* DATA PROVIDED *
Definition yz (t : bmon) : seq nat * seq nat :=
  (sort leq (letters true true t), sort leq (letters false true t)).

Definition yz_tree (uv : seq nat * seq nat) : bmon :=
  nf (head 0 uv.1) (behead uv.1) (head 0 uv.2) (behead uv.2).

Lemma yz_eqv t t' : eqv t t' -> yz t = yz t'.
Proof.
move=> e; congr (_, _); apply/(perm_sortP leq_total leq_trans anti_leq).
all: exact: eqv_letters.
Qed.

Lemma eqv_yz t t' : is_node t -> is_node t' -> yz t = yz t' -> eqv t t'.
Proof.
move=> nt nt' [hY hZ]; apply: eqv_of_letters => //.
all: by apply/(perm_sortP leq_total leq_trans anti_leq).
Qed.

Lemma yz_mem d n t : t \in sqbasis d n -> yz t \in pbasis d n.
Proof.
rewrite mem_sqbasis => /and3P[nt /eqP <-]; have pl := perm_leaves_letters true t.
have [y [ys [z [zs /eqv_letters e]]]] := eqv_nf nt.
rewrite mem_pbasis !sort_sorted ?leq_total //= !size_sort /bounded !all_sort.
rewrite (perm_all _ pl) all_cat => /andP[-> ->].
rewrite (perm_size pl) size_cat eqxx (perm_size (e true true)) (perm_size (e false true)).
by rewrite !letters_nf size_cat addn1.
Qed.

Lemma yz_treeK d n uv : uv \in pbasis d n -> yz (yz_tree uv) = uv.
Proof.
case: uv => u v; rewrite mem_pbasis => /and5P[sY sZ _ _ /and3P[]].
case: u sY => [|y ys] // sY _; case: v sZ => [|z zs] // sZ _ _.
rewrite /yz !letters_nf.
have -> : sort leq (ys ++ [:: y]) = sort leq (y :: ys).
  by apply/(perm_sortP leq_total leq_trans anti_leq); rewrite perm_catC.
by rewrite !sorted_sort //; apply: leq_trans.
Qed.

Lemma yz_tree_mem d n uv : uv \in pbasis d n -> yz_tree uv \in sqbasis d n.
Proof.
case: uv => u v; rewrite mem_pbasis => /and5P[_ _ bY bZ /and3P[]].
case: u bY => [|y ys] // bY _; case: v bZ => [|z zs] // bZ _ hn.
have pl : perm_eq (leaves (yz_tree (y :: ys, z :: zs))) ((y :: ys) ++ (z :: zs)).
  apply: perm_trans (perm_leaves_letters true _) _.
  by rewrite !letters_nf perm_cat2r perm_catC.
rewrite mem_sqbasis lmuls_node ?rmuls_node //= (perm_size pl) size_cat hn /=.
by rewrite /bounded in bY bZ; rewrite /bounded (perm_all _ pl) all_cat bY bZ.
Qed.

Lemma mdeg_tree_yz d t : mdeg_tree d t = mdeg_pair d (yz t).
Proof.
apply/eq_map => k; apply/permP.
apply: perm_trans (perm_leaves_letters true t) _.
by apply: perm_cat; rewrite perm_sym perm_sort.
Qed.

Fixpoint relabel (t : bmon) (w : seq nat) : bmon :=
  match t with
  | BLeaf _ => BLeaf (head 0 w)
  | BNode a b => BNode (relabel a (take (size (leaves a)) w))
                       (relabel b (drop (size (leaves a)) w))
  end.

Lemma leaves_relabel t w : size w = size (leaves t) -> leaves (relabel t w) = w.
Proof.
elim: t w => [i|a IHa b IHb] w /=; first by case: w => [|x []].
rewrite size_cat => hw; rewrite IHa ?IHb ?cat_take_drop //.
  by rewrite size_drop hw addKn.
by rewrite size_takel // hw leq_addr.
Qed.

Lemma shape_relabel t w : Defs.shape (relabel t w) = Defs.shape t.
Proof. by elim: t w => [i|a IHa b IHb] w //=; rewrite IHa IHb. Qed.

Lemma size_leaves_shape t : size (leaves (Defs.shape t)) = size (leaves t).
Proof. by elim: t => //= a IHa b IHb; rewrite !size_cat IHa IHb. Qed.

Lemma relabel_leaves t t' : Defs.shape t = Defs.shape t' -> relabel t (leaves t') = t'.
Proof.
elim: t t' => [i|a IHa b IHb] [j|a' b'] //= [ha hb].
have e : size (leaves a) = size (leaves a').
  by rewrite -size_leaves_shape ha size_leaves_shape.
by rewrite e take_size_cat // drop_size_cat // IHa // IHb.
Qed.

Fixpoint sides (s : bool) (t : bmon) : bitseq :=
  match t with
  | BLeaf _ => [:: s]
  | BNode a b => sides true a ++ sides false b
  end.

Lemma size_sides s t : size (sides s t) = size (leaves t).
Proof. by elim: t s => //= a IHa b IHb s; rewrite !size_cat IHa IHb. Qed.

Lemma sides_shape s t : sides s (Defs.shape t) = sides s t.
Proof. by elim: t s => //= a IHa b IHb s; rewrite IHa IHb. Qed.

Lemma letters_mask k s t :
  letters k s t = mask (if k then sides s t else map negb (sides s t)) (leaves t).
Proof.
elim: t s => [i|a IHa b IHb] s /=; first by case: k; case: s.
rewrite IHa IHb; case: (k); rewrite ?map_cat mask_cat //.
all: by rewrite ?size_map size_sides.
Qed.

Lemma perm_same_shape d n t : t \in sqbasis d n ->
  perm_eq [seq t' <- sqbasis d n | Defs.shape t == Defs.shape t']
          (map (relabel t) (words d n)).
Proof.
rewrite mem_sqbasis => /and3P[nt /eqP sz _].
apply: uniq_perm; first exact/filter_uniq/uniq_sqbasis.
  rewrite map_inj_in_uniq ?uniq_words // => w1 w2.
  rewrite !mem_words => /andP[/eqP s1 _] /andP[/eqP s2 _] /(congr1 leaves).
  by rewrite !leaves_relabel ?s1 ?s2.
move=> t'; rewrite mem_filter mem_sqbasis; apply/and4P/mapP.
  case=> /eqP st nt' /eqP s' b'; exists (leaves t'); last by rewrite relabel_leaves.
  by rewrite mem_words s' eqxx.
case=> w /[!mem_words] /andP[/eqP sw bw] ->.
have lw : leaves (relabel t w) = w by rewrite leaves_relabel // sw.
rewrite shape_relabel lw sw bw eqxx; split=> //.
by case: (t) nt.
Qed.

Lemma yz_relabel t w : size w = size (leaves t) ->
  yz (relabel t w) =
    (sort leq (mask (sides true t) w), sort leq (mask (map negb (sides true t)) w)).
Proof.
move=> sw; rewrite /yz !letters_mask leaves_relabel //.
by rewrite -sides_shape shape_relabel sides_shape.
Qed.

Lemma sort_leq_eq (s u : seq nat) : sorted leq u -> (sort leq s == u) = perm_eq s u.
Proof.
move=> su; apply/eqP/idP => [<-|/(perm_sortP leq_total leq_trans anti_leq) ->].
  by rewrite perm_sym perm_sort.
by rewrite sorted_sort //; apply: leq_trans.
Qed.

Local Open Scope ring_scope.

Lemma sum_delta_seq (R : pzSemiRingType) (T : eqType) (r : seq T) x (F : T -> R) :
  x \in r -> uniq r -> \sum_(y <- r) (x == y)%:R * F y = F x.
Proof.
move=> xr ur; rewrite (bigD1_seq x) //= eqxx mul1r big1 ?addr0 // => y.
by rewrite eq_sym => /negbTE->; rewrite mul0r.
Qed.

Section Substitution.
Variables (K : fieldType) (d : nat) (g : 'M[K]_d).

(* The coefficient of the word [w] in the image under [g] of the word [u]. *)
Definition wordcoef (w u : seq nat) : K := \prod_(pr <- zip w u) gent g pr.1 pr.2.

Lemma wordcoef_cons i w l u : wordcoef (i :: w) (l :: u) = gent g i l * wordcoef w u.
Proof. by rewrite /wordcoef big_cons. Qed.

* DESCRIPTION OF THE TASK *
Ending with the line containing "rewrite /yz !letters_nf.", please print exactly the lines of the material above from its first line onward, and nothing else.

* ANSWER TO THIS EXERCISE *
Definition yz (t : bmon) : seq nat * seq nat :=
  (sort leq (letters true true t), sort leq (letters false true t)).

Definition yz_tree (uv : seq nat * seq nat) : bmon :=
  nf (head 0 uv.1) (behead uv.1) (head 0 uv.2) (behead uv.2).

Lemma yz_eqv t t' : eqv t t' -> yz t = yz t'.
Proof.
move=> e; congr (_, _); apply/(perm_sortP leq_total leq_trans anti_leq).
all: exact: eqv_letters.
Qed.

Lemma eqv_yz t t' : is_node t -> is_node t' -> yz t = yz t' -> eqv t t'.
Proof.
move=> nt nt' [hY hZ]; apply: eqv_of_letters => //.
all: by apply/(perm_sortP leq_total leq_trans anti_leq).
Qed.

Lemma yz_mem d n t : t \in sqbasis d n -> yz t \in pbasis d n.
Proof.
rewrite mem_sqbasis => /and3P[nt /eqP <-]; have pl := perm_leaves_letters true t.
have [y [ys [z [zs /eqv_letters e]]]] := eqv_nf nt.
rewrite mem_pbasis !sort_sorted ?leq_total //= !size_sort /bounded !all_sort.
rewrite (perm_all _ pl) all_cat => /andP[-> ->].
rewrite (perm_size pl) size_cat eqxx (perm_size (e true true)) (perm_size (e false true)).
by rewrite !letters_nf size_cat addn1.
Qed.

Lemma yz_treeK d n uv : uv \in pbasis d n -> yz (yz_tree uv) = uv.
Proof.
case: uv => u v; rewrite mem_pbasis => /and5P[sY sZ _ _ /and3P[]].
case: u sY => [|y ys] // sY _; case: v sZ => [|z zs] // sZ _ _.
rewrite /yz !letters_nf.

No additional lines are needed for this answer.